Unexplained feelings,
if loves a choice between sistership's and you.
the big gap that seperate's me from reality, the one that got me way up...
and left me crashing down. uncountable tears, unspeakable heartbreaks... :(
Short short post.. cause somehow i feel me can only voice out to blogger. where my thought's can be in one piece, instead of flying all over the place.. i don't know what more can i do, i don't know how long more i cant endure such pain.. sister if you really do love him, i beg you do accept him back. dont lose him once again, your tear's aren't meant to be shed..
but as for me, i dont really bother. cause they're all dried up anyway, i just wna see you happy felicia, i need you to know this fact. your happy im happy. so now your happy i'll be as happy as you are. bloodbond's, shouldn't fight over a r/s. whoever doing so.. is just plain stupid. don't you agree? i know you won't leave me alone, neither will i leave you. dearest your the closest to me, the one who understand's me the most.. but why do we have to always go thru this.
i don blame you, i blame him. i can't ... take it anymore. I need a break, i need time to think..

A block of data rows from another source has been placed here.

(* For every $N\ge1$ and all complex numbers $z_1,\dots,z_N$, $$\prod_{i=1}^N\|x-z_i\|\le\sqrt{\frac{e^N}{N+1}}\,\Big\|\prod_{i=1}^N(x-z_i)\Big\|,$$ where $\|\cdot\|$ is the Bombieri–Weyl norm.
   Context: The Bombieri–Weyl norm of a univariate polynomial $P(z)=\sum_{i=0}^N a_iz^i$ of degree $N$ is $\|P\|=\big(\sum_{i=0}^N\binom{N}{i}^{-1}|a_i|^2\big)^{1/2}$ (so in particular $\|x-z\|=\sqrt{1+|z|^2}$). *)

From Stdlib Require Import Reals List.
Import ListNotations.
Open Scope R_scope.

(* Complex numbers as (real part, imaginary part). *)
Definition Cx : Type := (R * R)%type.
Definition Cx0 : Cx := (0, 0).
Definition Cx1 : Cx := (1, 0).
Definition Cxsub (a b : Cx) : Cx := (fst a - fst b, snd a - snd b).
Definition Cxopp (a : Cx) : Cx := (- fst a, - snd a).
Definition Cxmul (a b : Cx) : Cx :=
  (fst a * fst b - snd a * snd b, fst a * snd b + snd a * fst b).
Definition Cxnorm2 (a : Cx) : R := fst a * fst a + snd a * snd a.

(* A univariate polynomial is its list of coefficients [a_0; a_1; ...; a_N]
   (lowest degree first); its (formal) degree is length - 1. *)

(* multiplication of a coefficient list by (x - z):
   b_0 = -z a_0, b_i = a_(i-1) - z a_i, b_(N+1) = a_N. *)
Fixpoint lin_mul_aux (z prev : Cx) (p : list Cx) : list Cx :=
  match p with
  | nil => [prev]
  | a :: p' => Cxsub prev (Cxmul z a) :: lin_mul_aux z a p'
  end.
Definition lin_mul (z : Cx) (p : list Cx) : list Cx := lin_mul_aux z Cx0 p.

Definition lin_factor (z : Cx) : list Cx := [Cxopp z; Cx1].

Definition prod_lin (zs : list Cx) : list Cx :=
  fold_right lin_mul [Cx1] zs.

Definition bw_norm (p : list Cx) : R :=
  let N := (length p - 1)%nat in
  sqrt (sum_f_R0 (fun i => Cxnorm2 (nth i p Cx0) / Binomial.C N i) N).

Definition prod_bw_factors (zs : list Cx) : R :=
  fold_right Rmult 1 (map (fun z => bw_norm (lin_factor z)) zs).

(* For t in [0, 1], Landau's inequality (the l2 norm of the coefficients of a
   polynomial dominates its Mahler measure) applied to the homogenised product
   prod_i (sqrt t x - sqrt (1 - t) z_i), whose k-th coefficient is
   t^(k/2) (1 - t)^((N-k)/2) a_k, gives
     prod_i max (t, (1 - t) |z_i|^2) <= sum_k |a_k|^2 t^k (1 - t)^(N-k).
   Integrating over [0, 1], the right side becomes ||P||^2 / (N + 1) by the Beta
   integral, while by Jensen's inequality for exp the left side is at least
   exp (sum_i int_0^1 ln max (t, (1 - t) |z_i|^2) dt) = prod_i (1 + |z_i|^2) / e,
   that is e^(-N) prod_i ||x - z_i||^2. *)

From Stdlib Require Import Reals List Lra Lia.
From Coquelicot Require Import Coquelicot.
Import ListNotations.
Open Scope R_scope.

Section RealIntegrals.

Variables (a b : R).

Lemma is_RInt_plus_R (f g : R -> R) (If Ig : R) :
  is_RInt f a b If -> is_RInt g a b Ig -> is_RInt (fun t => f t + g t) a b (If + Ig).
Proof. apply (is_RInt_plus f g). Qed.

Lemma is_RInt_minus_R (f g : R -> R) (If Ig : R) :
  is_RInt f a b If -> is_RInt g a b Ig -> is_RInt (fun t => f t - g t) a b (If - Ig).
Proof. apply (is_RInt_minus f g). Qed.

Lemma is_RInt_scal_R (f : R -> R) (k If : R) :
  is_RInt f a b If -> is_RInt (fun t => k * f t) a b (k * If).
Proof. apply (is_RInt_scal f). Qed.

Lemma is_RInt_const_R (c : R) : is_RInt (fun _ => c) a b ((b - a) * c).
Proof. apply (is_RInt_const (V := R_NormedModule)). Qed.

Lemma is_RInt_value (f : R -> R) (l l' : R) :
  is_RInt f a b l -> l = l' -> is_RInt f a b l'.
Proof. now intros H <-. Qed.

Lemma is_RInt_derive_le (f df : R -> R) :
  a <= b ->
  (forall x, a <= x <= b -> is_derive f x (df x)) ->
  (forall x, a <= x <= b -> continuous df x) ->
  is_RInt df a b (f b - f a).
Proof.
  intros Hab Hd Hc. apply (is_RInt_derive f df).
  - intros x; rewrite Rmin_left, Rmax_right by lra; auto.
  - intros x; rewrite Rmin_left, Rmax_right by lra; auto.
Qed.

Lemma is_RInt_sum_f_R0 (F : nat -> R -> R) (I : nat -> R) n :
  (forall k, (k <= n)%nat -> is_RInt (F k) a b (I k)) ->
  is_RInt (fun t => sum_f_R0 (fun k => F k t) n) a b (sum_f_R0 I n).
Proof.
  induction n as [|n IH]; intros H; simpl.
  - apply H; lia.
  - apply is_RInt_plus_R; [apply IH; intros k Hk |]; apply H; lia.
Qed.

End RealIntegrals.

(* d/dt [t^(a+1) (1-t)^(b+1)] = (a+1) t^a (1-t)^(b+1) - (b+1) t^(a+1) (1-t)^b
   integrates to 0, which lowers a by one. *)
Lemma is_RInt_beta (a b : nat) :
  is_RInt (fun t => t ^ a * (1 - t) ^ b) 0 1
    (INR (Factorial.fact a) * INR (Factorial.fact b) / INR (Factorial.fact (a + b + 1))).
Proof.
  revert b; induction a as [|a IH]; intros b;
    assert (Hb : INR (S b) <> 0) by (apply not_0_INR; lia).
  - eapply is_RInt_value.
    + apply (is_RInt_ext (fun t => (1 - t) ^ b)); [intros; simpl; ring |].
      apply (is_RInt_derive_le _ _ (fun t => - (1 - t) ^ S b / INR (S b))); [lra | |].
      * intros x _. auto_derive; auto. fold (INR (S b)).
        replace (1 + - x) with (1 - x) by ring. field. exact Hb.
      * intros x _. apply (ex_derive_continuous (V := R_NormedModule)). auto_derive; auto.
    + replace (0 + b + 1)%nat with (S b) by lia.
      rewrite fact_simpl, mult_INR. simpl. rewrite Rminus_diag, Rminus_0_r, pow1.
      field. split; [apply INR_fact_neq_0 | exact Hb].
  - set (df := fun t => INR (S a) * (t ^ a * (1 - t) ^ S b) - INR (S b) * (t ^ S a * (1 - t) ^ b)).
    assert (Hdf : is_RInt df 0 1 0).
    { eapply is_RInt_value.
      - apply (is_RInt_derive_le _ _ (fun t => t ^ S a * (1 - t) ^ S b)); [lra | |].
        + intros x _. unfold df. auto_derive; auto. fold (INR (S a)) (INR (S b)).
          replace (1 + - x) with (1 - x) by ring. simpl. ring.
        + intros x _. apply (ex_derive_continuous (V := R_NormedModule)). unfold df. auto_derive; auto.
      - simpl. ring. }
    assert (H := is_RInt_scal_R 0 1 _ (/ INR (S b)) _
      (is_RInt_minus_R 0 1 _ _ _ _ (is_RInt_scal_R 0 1 _ (INR (S a)) _ (IH (S b))) Hdf)).
    eapply is_RInt_value.
    + eapply is_RInt_ext; [| exact H].
      intros x _. unfold df. simpl. field. exact Hb.
    + replace (a + S b + 1)%nat with (S a + b + 1)%nat by lia.
      rewrite (fact_simpl a), (fact_simpl b), !mult_INR.
      field. split; [apply INR_fact_neq_0 | exact Hb].
Qed.

Lemma is_RInt_ln_1_minus (u : R) : 0 <= u < 1 ->
  is_RInt (fun t => ln (1 - t)) 0 u (- (1 - u) * ln (1 - u) - u).
Proof.
  intros Hu. eapply is_RInt_value.
  - apply (is_RInt_derive_le _ _ (fun t => - (1 - t) * ln (1 - t) - t)); [lra | |].
    + intros x Hx. auto_derive; [lra |].
      replace (1 + - x) with (1 - x) by ring. field. lra.
    + intros x Hx. apply (ex_derive_continuous (V := R_NormedModule)). auto_derive. lra.
  - cbv beta. replace (1 - 0) with 1 by ring. rewrite ln_1. ring.
Qed.

Lemma is_RInt_ln (u : R) : 0 < u <= 1 ->
  is_RInt ln u 1 (- 1 - (u * ln u - u)).
Proof.
  intros Hu. eapply is_RInt_value.
  - apply (is_RInt_derive_le _ _ (fun t => t * ln t - t)); [lra | |].
    + intros x Hx. auto_derive; [lra |]. field. lra.
    + intros x Hx. apply (ex_derive_continuous (V := R_NormedModule)). auto_derive. lra.
  - cbv beta. rewrite ln_1. ring.
Qed.

Lemma jensen_exp (f W : R -> R) (L I : R) :
  is_RInt f 0 1 L -> is_RInt W 0 1 I ->
  (forall t, 0 < t < 1 -> exp (f t) <= W t) -> exp L <= I.
Proof.
  intros Hf HW Hle.
  assert (Hsupp : is_RInt (fun t => exp L * (1 + (f t - L))) 0 1 (exp L * ((1 - 0) * 1 + (L - (1 - 0) * L)))).
  { apply is_RInt_scal_R, is_RInt_plus_R, is_RInt_minus_R; [apply is_RInt_const_R | exact Hf | apply is_RInt_const_R]. }
  replace (exp L) with (exp L * ((1 - 0) * 1 + (L - (1 - 0) * L))) at 1 by ring.
  apply (is_RInt_le _ _ 0 1 _ _ Rle_0_1 Hsupp HW).
  intros t Ht. eapply Rle_trans; [| apply Hle; exact Ht].
  replace (f t) with (L + (f t - L)) at 2 by ring. rewrite exp_plus.
  apply Rmult_le_compat_l; [apply Rlt_le, exp_pos | apply exp_ineq1_le].
Qed.

Definition sum_list (l : list R) : R := fold_right Rplus 0 l.
Definition prod_list (l : list R) : R := fold_right Rmult 1 l.

Lemma exp_sum_list (l : list R) : exp (sum_list l) = prod_list (map exp l).
Proof.
  induction l as [|x l IH]; simpl; [apply exp_0 |].
  rewrite exp_plus. f_equal. exact IH.
Qed.
Theorem proposition3p8 (Agt : finType) (L : logic)
    (Gam Del : list (form Agt)) (lam : form Agt) :
  0 < #|Agt| ->
  derivable L Gam Del ->
  derivable L Gam (Del ++ [:: lam]) /\ derivable L (lam :: Gam) Del.
Proof.
move=> _ /derivable_admits_weakening W; split.
- exact: (W [::] [:: lam]).
- by apply: (W [:: lam] [::]); rewrite // cats0.
Qed.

reason's and explaination's never seem to be enough anymore. im tired sister.. i've tried lot's of way's in forgetting but still .. i can't seem to do so. & im sorry. :(
i should.. let go. and yes, promise me if you do treat me as a blood bond okay? ♥
On the phone with lynn ahsiao and amos earlier on.. they made me smile somehow, ahsiao is 101% super super.. the gl. ivan & boonkiat's court tomorrow. needa wake up by 8 and off to china town. I feel so relaxed now.. but still... i feel like crying, infact i alrdy am.
i hate you i hate you i hate the fact that i love you. :'( thank you for getting out of my life, beloved.